It’s now widely accepted that China has been distilling American models to build its own, but it may no longer need to do so to keep improving its offerings.
That’s the argument Patrick C Toulme, an engineer at Google, made in a post on X. According to him, there’s a widespread misreading of how GLM 5.2 was trained. Yes, Zhipu AI distilled from Claude and GPT 5.5 — but distillation wasn’t what got it to Opus-level quality. It was what made Opus-level quality possible in the first place.
The distinction matters. Toulme explains that reinforcement learning — the technique labs use to push models up the capability curve on agentic tasks like coding — requires something to work with. Specifically, it needs trajectories: rollouts where the model actually completed a task successfully. If the model can’t solve a problem at all, there are no successful trajectories, and therefore no gradient signal. RL has nothing to learn from. This is what’s called the cold start problem.
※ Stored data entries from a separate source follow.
(* Let $0\le p\le1$ and let $\hat\rho=|\psi\rangle\langle\psi|$ with $|\psi\rangle$ any of $|\Phi^\pm\rangle=\sqrt p|0,0\rangle\pm\sqrt{1-p}|1,1\rangle$ or $|\Psi^\pm\rangle=\sqrt p|0,1\rangle\pm\sqrt{1-p}|1,0\rangle$ (Fock states of modes $A,B$). Then $Q(\hat\rho)=\frac{4}{\pi}\sqrt{p(1-p)}$, which equals $\frac{4}{\pi}$ times the negativity $\sqrt{p(1-p)}$ of $\hat\rho$; moreover the sign-binned quadrature correlation at $\theta=\varphi=0$, $E^{0,0}=\int\!\!\int f_{0,0}(u,v)\,\mathrm{sgn}(uv)\,du\,dv$, satisfies $|E^{0,0}|=\frac{4}{\pi}\sqrt{p(1-p)}$.
   Context: $|n\rangle$ are photon-number (Fock) states of a mode with quadratures $\hat x=(\hat a+\hat a^\dagger)/\sqrt2$, $\hat p=i(\hat a^\dagger-\hat a)/\sqrt2$. For angles $\theta,\varphi$, $\hat x_A^\theta=\cos\theta\,\hat x_A+\sin\theta\,\hat p_A$, $\hat x_B^\varphi=\cos\varphi\,\hat x_B+\sin\varphi\,\hat p_B$, and $f_{\theta,\varphi}(u,v)$ is the joint density of their outcomes on $\hat\rho$. For $u,v\ge0$, $S=f(u,v)+f(-u,-v)+f(u,-v)+f(-u,v)$, $D=f(u,v)+f(-u,-v)-f(u,-v)-f(-u,v)$, $\mathcal B_{\theta,\varphi}=|D|/S$ (0 where $S=0$), and $Q(\hat\rho)=\sup_{\theta,\varphi}\int\!\!\int f_{\theta,\varphi}(u,v)\mathcal B_{\theta,\varphi}(|u|,|v|)\,du\,dv$. *)

From Stdlib Require Import Reals Lra Arith.
Open Scope R_scope.

Fixpoint fsum (n : nat) (f : nat -> R) : R :=
  match n with O => 0 | S k => fsum k f + f k end.

(** Physicists' Hermite polynomials, computed as the pair (H_n, H_{n+1}). *)
Fixpoint herm_pair (n : nat) (x : R) : R * R :=
  match n with
  | O => (1, 2 * x)
  | S k => let (a, b) := herm_pair k x in (b, 2 * x * b - 2 * INR (S k) * a)
  end.
Definition hermite (n : nat) (x : R) : R := fst (herm_pair n x).

(** Fock-state wavefunction <x|n> in the x-quadrature representation,
    with x = (a + a^dagger)/sqrt 2. *)
Definition fock_wf (n : nat) (x : R) : R :=
  hermite n x * exp (- x ^ 2 / 2) / sqrt (2 ^ n * INR (fact n) * sqrt PI).

(** A two-mode pure state with real Fock coefficients c m n (m, n < N):
    |psi> = sum_{m,n<N} c m n |m,n>.  Since x^theta = e^{i theta n} x e^{-i theta n},
    <u|_theta <v|_phi |m,n> = e^{-i(m theta + n phi)} psi_m(u) psi_n(v). *)
Definition ampRe (N : nat) (c : nat -> nat -> R) (th ph u v : R) : R :=
  fsum N (fun m => fsum N (fun n =>
    c m n * cos (INR m * th + INR n * ph) * fock_wf m u * fock_wf n v)).
Definition ampIm (N : nat) (c : nat -> nat -> R) (th ph u v : R) : R :=
  - fsum N (fun m => fsum N (fun n =>
    c m n * sin (INR m * th + INR n * ph) * fock_wf m u * fock_wf n v)).
Lemma bool_closure_sub_RevL (R : comNzRingType) (Sigma : finType) (L : language Sigma) :
  bool_closure (@RevL boolB Sigma) L -> RevL R L.
Proof.
move=> /(bool_closure_min (@det_indicated_closed R Sigma) (@RevL_boolB_det_indicated R Sigma)).
exact: det_indicated_RevL.
Qed.

Section Counters.
Variables (Sigma Q : finType) (step : Q -> Sigma -> option Q) (t0 : Q * Sigma).
Hypothesis codet_step : codeterministic step.
Variables (C : finType) (h : C -> option C).
Hypothesis h_inj : forall c c' d, h c = Some d -> h c' = Some d -> c = c'.

Definition count_step (x : Q * C) (a : Sigma) : option (Q * C) :=
  obind (fun q => omap (pair q) (if (x.1, a) == t0 then h x.2 else Some x.2)) (step x.1 a).

Lemma iter_obind_None n : iter n (obind h) None = None.
Proof. by elim: n => //= n ->. Qed.

Lemma run_end_count_step p c w :
  run_end count_step (p, c) w =
  obind (fun q => omap (pair q) (iter (trans_count step t0 p w) (obind h) (Some c)))
    (run_end step p w).
Proof.
elim: w p c => [|a w IH] p c //=; rewrite /count_step /=.
case: (step p a) => [q|] //=; case: eqP => _ /=; last exact: IH.
rewrite add0n -iterS iterSr /=; case: (h c) => [d|] /=; first exact: IH.
by rewrite iter_obind_None; case: (run_end step q w).
Qed.

Lemma count_step_codet : codeterministic count_step.
Proof.
move=> [p c] [p' c'] a [q d]; rewrite /count_step /=.
case E: (step p a) => [q1|] //=; case: (step p' a) (codet_step (p' := p') E) => [q2|] //= p_p'.
case U: (if _ then _ else _) => [d1|] //= [<- <-].
case U': (if _ then _ else _) => [d2|] //= [q2_q1 d2_d1].
move: p_p' U U'; rewrite q2_q1 d2_d1 => /(_ erefl) <-.
by case: ifP => _ => [/h_inj/[apply]-> | [->] [->]].
Qed.

Lemma RevL_counter q0 c0 c :
  RevL boolB (fun w => run_end step q0 w != None /\
                       iter (trans_count step t0 q0 w) (obind h) (Some c0) = Some c).
Proof.
apply: RevL_ext (RevL_det_lang count_step_codet (q0, c0) (fun x => x.2 == c)) _ => w.
rewrite /det_lang run_end_count_step.
case: (run_end step q0 w) => [q|] /=; last by split=> // -[].
case: (iter _ _ _) => [d|] /=; last by split=> // -[].
by split=> [/eqP-> | [_ [->]]].
Qed.

End Counters.

Section CountLanguages.
Local Open Scope nat_scope.

Lemma iter_insub_succ k (c : 'I_k.+1) n :
  iter n (obind (fun d : 'I_k.+1 => insub d.+1)) (Some c) = insub (c + n).
Proof.
elim: n => [|n IH]; first by rewrite addn0 valK.
rewrite iterS IH addnS; case: insubP => [u _ <- //|].
by rewrite -leqNgt => lt_k_cn; rewrite insubF // ltnNge ltnW.
Qed.

Lemma iter_obind_Some (T : Type) (f : T -> T) n x :
  iter n (obind (fun y => Some (f y))) (Some x) = Some (iter n f x).
Proof. by elim: n => //= n ->. Qed.

Lemma val_iter_ordS m (c : 'I_m) n : val (iter n (@ordS m) c) = (c + n) %% m.
Proof.
elim: n => [|n IH]; first by rewrite addn0 modn_small.
by rewrite iterS /= IH -addn1 modnDml addn1 addnS.
Qed.

Variables (Sigma Q : finType) (step : Q -> Sigma -> option Q).
Hypothesis codet_step : codeterministic step.
Variables (q0 : Q) (t0 : Q * Sigma).
Notation BCB := (bool_closure (@RevL boolB Sigma)).
Notation defined w := (run_end step q0 w != None).
Notation count w := (trans_count step t0 q0 w).

Lemma bc_count_eq k : BCB (fun w => defined w /\ count w = k).
Proof.
have succ_inj (c c' d : 'I_k.+1) : insub c.+1 = Some d -> insub c'.+1 = Some d -> c = c'.
  case: insubP => // u _ u_c [u_d]; case: insubP => // v _ v_c [v_d].
  by apply/val_inj/succn_inj; rewrite -u_c -v_c u_d v_d.
apply: bc_ext (bc_base (RevL_counter t0 codet_step succ_inj q0 ord0 ord_max)) _ => w.
rewrite iter_insub_succ add0n; case: insubP => [u _ u_n|]; last first.
  by rewrite ltnS => /negP n_gt_k; split=> -[def eq_n] //; rewrite eq_n in n_gt_k.
split=> -[def E]; split=> //; first by case: E => u_max; rewrite -u_n u_max.
by congr Some; apply: val_inj; rewrite /= u_n E.
Qed.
Distillation is the fix for that cold start. You take a weaker model and seed it with knowledge from a stronger one — in GLM 5.2’s case, Claude and GPT — specifically on the tasks where it’s currently failing. Once it starts producing some successful outputs on those hard tasks, RL takes over, and the model can begin climbing on its own. The distillation was scaffolding, not the foundation.
What Toulme is pointing out is that GLM 5.2 has already cleared that hurdle. It’s generating enough positive trajectories in agentic coding environments that it has plenty of signal to train on going forward. And once a model is in that position, it doesn’t need to keep pulling from American models. It can hill-climb through RL on its own outputs.
The performance data backs this up. GLM 5.2 has been posting strong results across several coding benchmarks, trailing Claude Opus 4.8 by small margins on SWE-Bench and holding its own against GPT-5.5 on Terminal-Bench. Zhipu’s own training pipeline involved sequential RL stages — first reasoning, then agentic, then general — with on-policy distillation used between stages to prevent catastrophic forgetting. That’s internal distillation from its own checkpoints, not from American models.
Toulme also offers an interesting observation about the trajectory of difficulty. Getting from zero to Claude Opus 4.8 quality is hard. The cold start problem is real, compute is required, and you need access to strong models to bootstrap from. But going from Opus 4.8 toward Mythos-tier? He argues that’s actually easier, because the model is already generating high-quality signal, and RL can keep compounding from there.
That’s a significant claim in the context of the US-China AI competition. The US has been tightening chip export restrictions and restricting access to frontier models partly on the theory that cutting off China’s ability to train on American model outputs would slow its progress. Toulme’s analysis suggests that window may have already closed. GLM 5.2 is past the point where it needed that crutch.
The visible evidence of the earlier distillation is still there — observers have noted that GLM 5.2 often identifies itself as Claude and carries something of Claude’s voice, which is a characteristic artifact of heavy distillation. But that’s history now. The model has enough of its own capability that it can keep improving without looking over the fence.
Whether it actually reaches Mythos-level quality remains to be seen. But the argument that it needs American models to get there is looking increasingly difficult to sustain.